Collection entries:
--
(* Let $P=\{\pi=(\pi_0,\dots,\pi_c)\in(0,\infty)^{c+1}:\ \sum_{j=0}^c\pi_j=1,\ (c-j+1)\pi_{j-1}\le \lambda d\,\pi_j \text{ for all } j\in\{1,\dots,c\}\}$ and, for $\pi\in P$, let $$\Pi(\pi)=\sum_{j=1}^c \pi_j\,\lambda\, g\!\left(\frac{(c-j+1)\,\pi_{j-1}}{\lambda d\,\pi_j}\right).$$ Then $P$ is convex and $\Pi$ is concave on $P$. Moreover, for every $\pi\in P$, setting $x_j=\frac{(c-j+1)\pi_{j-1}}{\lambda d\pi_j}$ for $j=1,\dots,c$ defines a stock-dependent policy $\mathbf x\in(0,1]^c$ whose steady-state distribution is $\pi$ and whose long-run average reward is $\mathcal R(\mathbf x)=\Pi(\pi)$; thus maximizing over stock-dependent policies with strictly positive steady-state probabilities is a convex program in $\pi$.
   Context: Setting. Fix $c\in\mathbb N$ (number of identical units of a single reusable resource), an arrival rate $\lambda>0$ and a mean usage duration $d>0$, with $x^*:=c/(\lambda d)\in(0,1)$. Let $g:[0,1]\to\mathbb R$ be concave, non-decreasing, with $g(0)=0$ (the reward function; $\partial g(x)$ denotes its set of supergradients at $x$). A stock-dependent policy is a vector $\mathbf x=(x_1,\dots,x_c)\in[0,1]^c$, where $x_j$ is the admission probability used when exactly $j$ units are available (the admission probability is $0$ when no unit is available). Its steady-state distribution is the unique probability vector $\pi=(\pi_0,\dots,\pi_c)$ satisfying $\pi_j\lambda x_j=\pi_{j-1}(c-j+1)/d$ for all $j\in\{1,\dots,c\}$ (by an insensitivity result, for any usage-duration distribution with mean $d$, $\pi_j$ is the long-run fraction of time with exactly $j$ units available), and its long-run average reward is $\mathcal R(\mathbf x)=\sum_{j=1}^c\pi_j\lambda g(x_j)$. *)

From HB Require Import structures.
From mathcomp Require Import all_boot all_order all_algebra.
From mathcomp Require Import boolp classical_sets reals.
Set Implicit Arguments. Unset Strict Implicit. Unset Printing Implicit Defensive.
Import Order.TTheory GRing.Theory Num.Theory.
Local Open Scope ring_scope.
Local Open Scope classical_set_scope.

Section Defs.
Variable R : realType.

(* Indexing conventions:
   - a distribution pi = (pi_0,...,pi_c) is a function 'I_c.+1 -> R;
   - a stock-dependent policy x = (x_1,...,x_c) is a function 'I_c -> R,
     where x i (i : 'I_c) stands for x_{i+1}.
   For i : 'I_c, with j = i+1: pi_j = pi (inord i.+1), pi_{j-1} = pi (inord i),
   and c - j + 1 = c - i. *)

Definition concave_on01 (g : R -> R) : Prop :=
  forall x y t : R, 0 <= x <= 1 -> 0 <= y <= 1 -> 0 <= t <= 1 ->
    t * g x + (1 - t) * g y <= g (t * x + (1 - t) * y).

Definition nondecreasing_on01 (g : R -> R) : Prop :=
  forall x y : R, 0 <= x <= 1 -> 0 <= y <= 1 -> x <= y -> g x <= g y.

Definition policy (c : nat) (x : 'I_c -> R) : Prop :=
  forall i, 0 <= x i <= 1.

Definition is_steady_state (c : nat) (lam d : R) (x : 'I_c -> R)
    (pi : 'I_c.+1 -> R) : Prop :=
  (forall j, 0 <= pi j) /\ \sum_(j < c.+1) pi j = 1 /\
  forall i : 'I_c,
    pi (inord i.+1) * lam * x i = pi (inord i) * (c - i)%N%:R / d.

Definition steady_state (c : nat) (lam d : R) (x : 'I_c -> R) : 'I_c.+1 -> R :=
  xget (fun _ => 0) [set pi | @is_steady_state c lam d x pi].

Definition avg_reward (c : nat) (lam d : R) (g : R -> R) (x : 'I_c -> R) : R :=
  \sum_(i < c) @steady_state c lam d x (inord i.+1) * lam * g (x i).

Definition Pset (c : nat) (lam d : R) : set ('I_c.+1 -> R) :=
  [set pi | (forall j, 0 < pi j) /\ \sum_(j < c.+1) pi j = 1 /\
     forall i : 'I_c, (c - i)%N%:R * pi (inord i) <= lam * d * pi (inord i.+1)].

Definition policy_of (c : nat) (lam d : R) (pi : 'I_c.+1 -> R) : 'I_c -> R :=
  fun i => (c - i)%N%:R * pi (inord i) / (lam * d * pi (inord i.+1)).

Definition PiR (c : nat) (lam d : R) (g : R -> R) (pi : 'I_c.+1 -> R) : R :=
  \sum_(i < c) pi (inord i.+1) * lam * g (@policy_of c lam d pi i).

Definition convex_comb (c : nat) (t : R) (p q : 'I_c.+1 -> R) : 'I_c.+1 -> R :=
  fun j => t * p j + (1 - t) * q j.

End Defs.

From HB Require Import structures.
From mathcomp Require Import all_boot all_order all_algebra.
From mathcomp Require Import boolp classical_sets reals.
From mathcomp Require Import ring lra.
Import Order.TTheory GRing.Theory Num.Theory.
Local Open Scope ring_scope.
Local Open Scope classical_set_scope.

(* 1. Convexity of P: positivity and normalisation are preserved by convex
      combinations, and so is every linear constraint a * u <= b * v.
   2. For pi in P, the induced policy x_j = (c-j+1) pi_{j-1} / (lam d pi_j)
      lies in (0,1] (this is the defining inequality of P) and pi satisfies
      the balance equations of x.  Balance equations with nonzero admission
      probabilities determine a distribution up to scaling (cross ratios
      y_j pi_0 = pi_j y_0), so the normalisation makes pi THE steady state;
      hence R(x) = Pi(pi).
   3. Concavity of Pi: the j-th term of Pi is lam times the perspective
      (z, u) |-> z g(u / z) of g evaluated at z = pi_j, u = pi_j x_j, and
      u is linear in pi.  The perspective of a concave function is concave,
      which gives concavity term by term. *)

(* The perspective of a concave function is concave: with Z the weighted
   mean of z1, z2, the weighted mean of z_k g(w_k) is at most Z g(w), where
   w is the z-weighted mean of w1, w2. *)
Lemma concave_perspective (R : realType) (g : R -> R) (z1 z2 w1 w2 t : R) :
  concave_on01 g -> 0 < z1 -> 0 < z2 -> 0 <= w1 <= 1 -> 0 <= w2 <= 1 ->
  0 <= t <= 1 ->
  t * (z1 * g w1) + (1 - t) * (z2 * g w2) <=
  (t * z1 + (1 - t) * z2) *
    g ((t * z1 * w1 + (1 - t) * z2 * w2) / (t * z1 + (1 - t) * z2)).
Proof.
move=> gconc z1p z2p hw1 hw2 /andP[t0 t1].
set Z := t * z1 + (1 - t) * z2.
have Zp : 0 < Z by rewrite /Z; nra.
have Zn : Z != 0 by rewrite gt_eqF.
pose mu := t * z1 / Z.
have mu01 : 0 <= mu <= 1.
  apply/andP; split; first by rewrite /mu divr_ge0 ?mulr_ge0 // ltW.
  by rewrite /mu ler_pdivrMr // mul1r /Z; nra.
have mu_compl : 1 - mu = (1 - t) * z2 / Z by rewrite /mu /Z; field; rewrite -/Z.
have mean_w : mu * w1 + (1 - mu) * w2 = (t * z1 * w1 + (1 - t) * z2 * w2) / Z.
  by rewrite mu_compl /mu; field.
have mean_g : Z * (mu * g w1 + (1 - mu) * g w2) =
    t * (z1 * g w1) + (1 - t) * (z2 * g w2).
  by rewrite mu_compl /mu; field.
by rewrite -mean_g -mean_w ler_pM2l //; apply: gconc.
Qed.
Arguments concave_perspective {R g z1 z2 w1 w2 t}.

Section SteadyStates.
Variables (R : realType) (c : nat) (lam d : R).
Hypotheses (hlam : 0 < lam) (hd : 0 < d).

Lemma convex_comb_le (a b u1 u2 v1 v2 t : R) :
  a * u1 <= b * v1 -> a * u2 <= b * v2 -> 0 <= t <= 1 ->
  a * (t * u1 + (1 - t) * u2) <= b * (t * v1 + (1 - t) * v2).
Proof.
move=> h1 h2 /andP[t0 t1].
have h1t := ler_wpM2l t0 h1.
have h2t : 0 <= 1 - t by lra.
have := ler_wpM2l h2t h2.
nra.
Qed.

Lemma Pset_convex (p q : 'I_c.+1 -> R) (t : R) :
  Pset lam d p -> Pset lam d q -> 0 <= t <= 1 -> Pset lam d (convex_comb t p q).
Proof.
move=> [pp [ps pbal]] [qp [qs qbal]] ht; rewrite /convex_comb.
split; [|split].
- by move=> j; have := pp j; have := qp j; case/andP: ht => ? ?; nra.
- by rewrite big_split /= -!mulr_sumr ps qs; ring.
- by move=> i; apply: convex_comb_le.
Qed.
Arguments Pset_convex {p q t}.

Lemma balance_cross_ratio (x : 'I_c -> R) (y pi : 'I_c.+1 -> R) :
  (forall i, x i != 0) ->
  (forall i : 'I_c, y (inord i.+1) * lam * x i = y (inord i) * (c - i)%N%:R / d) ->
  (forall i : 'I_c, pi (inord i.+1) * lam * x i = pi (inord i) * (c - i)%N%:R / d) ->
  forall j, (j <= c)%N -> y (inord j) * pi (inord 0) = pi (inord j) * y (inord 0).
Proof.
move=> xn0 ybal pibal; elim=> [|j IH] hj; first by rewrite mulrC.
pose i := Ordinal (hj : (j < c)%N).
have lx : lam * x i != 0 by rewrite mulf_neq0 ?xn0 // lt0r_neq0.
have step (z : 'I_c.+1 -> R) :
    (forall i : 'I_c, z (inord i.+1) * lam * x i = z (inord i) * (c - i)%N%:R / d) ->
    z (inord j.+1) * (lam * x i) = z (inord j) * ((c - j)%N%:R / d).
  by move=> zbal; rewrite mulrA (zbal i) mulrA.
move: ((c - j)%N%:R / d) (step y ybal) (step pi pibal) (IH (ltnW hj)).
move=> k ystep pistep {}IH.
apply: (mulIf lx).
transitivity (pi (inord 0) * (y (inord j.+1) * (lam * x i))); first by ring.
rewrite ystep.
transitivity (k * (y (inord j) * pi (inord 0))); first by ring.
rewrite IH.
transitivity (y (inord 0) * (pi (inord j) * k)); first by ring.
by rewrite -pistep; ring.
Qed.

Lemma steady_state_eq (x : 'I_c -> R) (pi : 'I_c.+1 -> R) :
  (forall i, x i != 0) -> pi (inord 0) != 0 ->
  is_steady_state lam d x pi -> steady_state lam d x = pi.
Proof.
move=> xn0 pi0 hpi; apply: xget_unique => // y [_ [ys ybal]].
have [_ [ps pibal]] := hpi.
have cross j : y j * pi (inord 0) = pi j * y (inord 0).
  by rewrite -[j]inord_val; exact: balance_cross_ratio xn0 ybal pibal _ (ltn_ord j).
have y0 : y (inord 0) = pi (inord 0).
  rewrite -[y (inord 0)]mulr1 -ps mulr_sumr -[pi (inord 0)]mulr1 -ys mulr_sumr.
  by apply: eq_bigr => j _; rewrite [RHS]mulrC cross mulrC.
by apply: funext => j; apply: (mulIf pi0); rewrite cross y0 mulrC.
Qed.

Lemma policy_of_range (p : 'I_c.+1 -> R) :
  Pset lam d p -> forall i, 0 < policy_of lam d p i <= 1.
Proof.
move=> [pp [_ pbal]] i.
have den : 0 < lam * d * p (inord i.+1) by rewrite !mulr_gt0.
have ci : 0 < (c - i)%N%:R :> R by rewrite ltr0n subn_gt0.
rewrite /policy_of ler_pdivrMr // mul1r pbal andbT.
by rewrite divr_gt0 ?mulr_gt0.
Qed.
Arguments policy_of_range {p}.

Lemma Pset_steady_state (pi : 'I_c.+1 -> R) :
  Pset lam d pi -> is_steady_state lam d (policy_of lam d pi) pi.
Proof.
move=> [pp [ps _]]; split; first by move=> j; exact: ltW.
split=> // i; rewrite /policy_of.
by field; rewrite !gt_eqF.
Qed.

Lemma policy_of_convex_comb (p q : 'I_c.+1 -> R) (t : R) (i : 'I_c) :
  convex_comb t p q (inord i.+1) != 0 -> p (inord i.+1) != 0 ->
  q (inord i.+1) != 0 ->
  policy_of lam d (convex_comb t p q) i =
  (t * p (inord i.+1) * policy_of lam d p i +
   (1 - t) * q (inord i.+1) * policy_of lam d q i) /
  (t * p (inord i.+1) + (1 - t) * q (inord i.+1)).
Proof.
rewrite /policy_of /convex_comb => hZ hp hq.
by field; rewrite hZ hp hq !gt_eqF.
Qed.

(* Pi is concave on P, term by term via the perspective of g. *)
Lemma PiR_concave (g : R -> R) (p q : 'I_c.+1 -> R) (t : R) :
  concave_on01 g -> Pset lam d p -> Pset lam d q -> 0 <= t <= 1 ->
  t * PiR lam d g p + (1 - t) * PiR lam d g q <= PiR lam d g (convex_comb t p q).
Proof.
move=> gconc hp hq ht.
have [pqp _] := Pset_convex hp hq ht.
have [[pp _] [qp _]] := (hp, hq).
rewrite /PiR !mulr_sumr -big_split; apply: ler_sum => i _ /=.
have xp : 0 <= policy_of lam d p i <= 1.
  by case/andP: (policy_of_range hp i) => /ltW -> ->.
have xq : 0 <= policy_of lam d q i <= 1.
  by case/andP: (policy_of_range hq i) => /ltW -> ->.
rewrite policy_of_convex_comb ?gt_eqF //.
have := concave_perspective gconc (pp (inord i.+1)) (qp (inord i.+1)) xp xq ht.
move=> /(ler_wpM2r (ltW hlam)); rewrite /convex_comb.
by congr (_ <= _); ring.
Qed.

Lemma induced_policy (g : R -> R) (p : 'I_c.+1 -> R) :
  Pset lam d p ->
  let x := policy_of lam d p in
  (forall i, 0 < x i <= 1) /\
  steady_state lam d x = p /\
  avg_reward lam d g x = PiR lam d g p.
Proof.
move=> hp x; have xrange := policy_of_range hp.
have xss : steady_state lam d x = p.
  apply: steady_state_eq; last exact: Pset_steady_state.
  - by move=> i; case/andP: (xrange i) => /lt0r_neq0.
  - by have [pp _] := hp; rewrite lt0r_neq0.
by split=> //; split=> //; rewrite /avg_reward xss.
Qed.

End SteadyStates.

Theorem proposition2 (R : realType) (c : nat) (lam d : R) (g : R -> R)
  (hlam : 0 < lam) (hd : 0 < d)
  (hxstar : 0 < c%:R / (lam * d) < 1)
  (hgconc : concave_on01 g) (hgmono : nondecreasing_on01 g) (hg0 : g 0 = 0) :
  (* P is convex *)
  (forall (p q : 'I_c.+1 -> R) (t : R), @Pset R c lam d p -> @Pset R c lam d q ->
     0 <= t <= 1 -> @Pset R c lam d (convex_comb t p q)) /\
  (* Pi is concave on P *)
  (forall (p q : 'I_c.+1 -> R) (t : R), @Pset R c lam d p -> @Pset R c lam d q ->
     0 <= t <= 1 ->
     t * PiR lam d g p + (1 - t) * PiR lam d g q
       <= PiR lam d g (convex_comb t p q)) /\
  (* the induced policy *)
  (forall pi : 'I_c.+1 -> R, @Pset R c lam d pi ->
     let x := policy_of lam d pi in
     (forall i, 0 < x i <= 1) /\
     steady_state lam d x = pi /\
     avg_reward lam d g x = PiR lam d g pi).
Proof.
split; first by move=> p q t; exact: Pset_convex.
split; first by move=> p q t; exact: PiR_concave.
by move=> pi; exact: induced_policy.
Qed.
--
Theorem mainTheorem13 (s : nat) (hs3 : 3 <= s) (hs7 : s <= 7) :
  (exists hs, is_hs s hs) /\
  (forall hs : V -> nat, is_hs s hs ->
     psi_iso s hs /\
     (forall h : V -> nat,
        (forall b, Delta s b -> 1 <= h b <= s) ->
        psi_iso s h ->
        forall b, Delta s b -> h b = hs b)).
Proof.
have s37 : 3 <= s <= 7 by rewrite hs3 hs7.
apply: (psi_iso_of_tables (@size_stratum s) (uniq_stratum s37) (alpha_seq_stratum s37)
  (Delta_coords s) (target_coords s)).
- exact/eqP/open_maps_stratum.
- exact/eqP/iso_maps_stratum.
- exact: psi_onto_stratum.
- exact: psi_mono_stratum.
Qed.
--
- _INSTRUCTIONS TO FOLLOW_:
Find the lines in the data that hold the word "mulIf". Reply with how many there are and nothing more.

- _FINAL ANSWER_:
2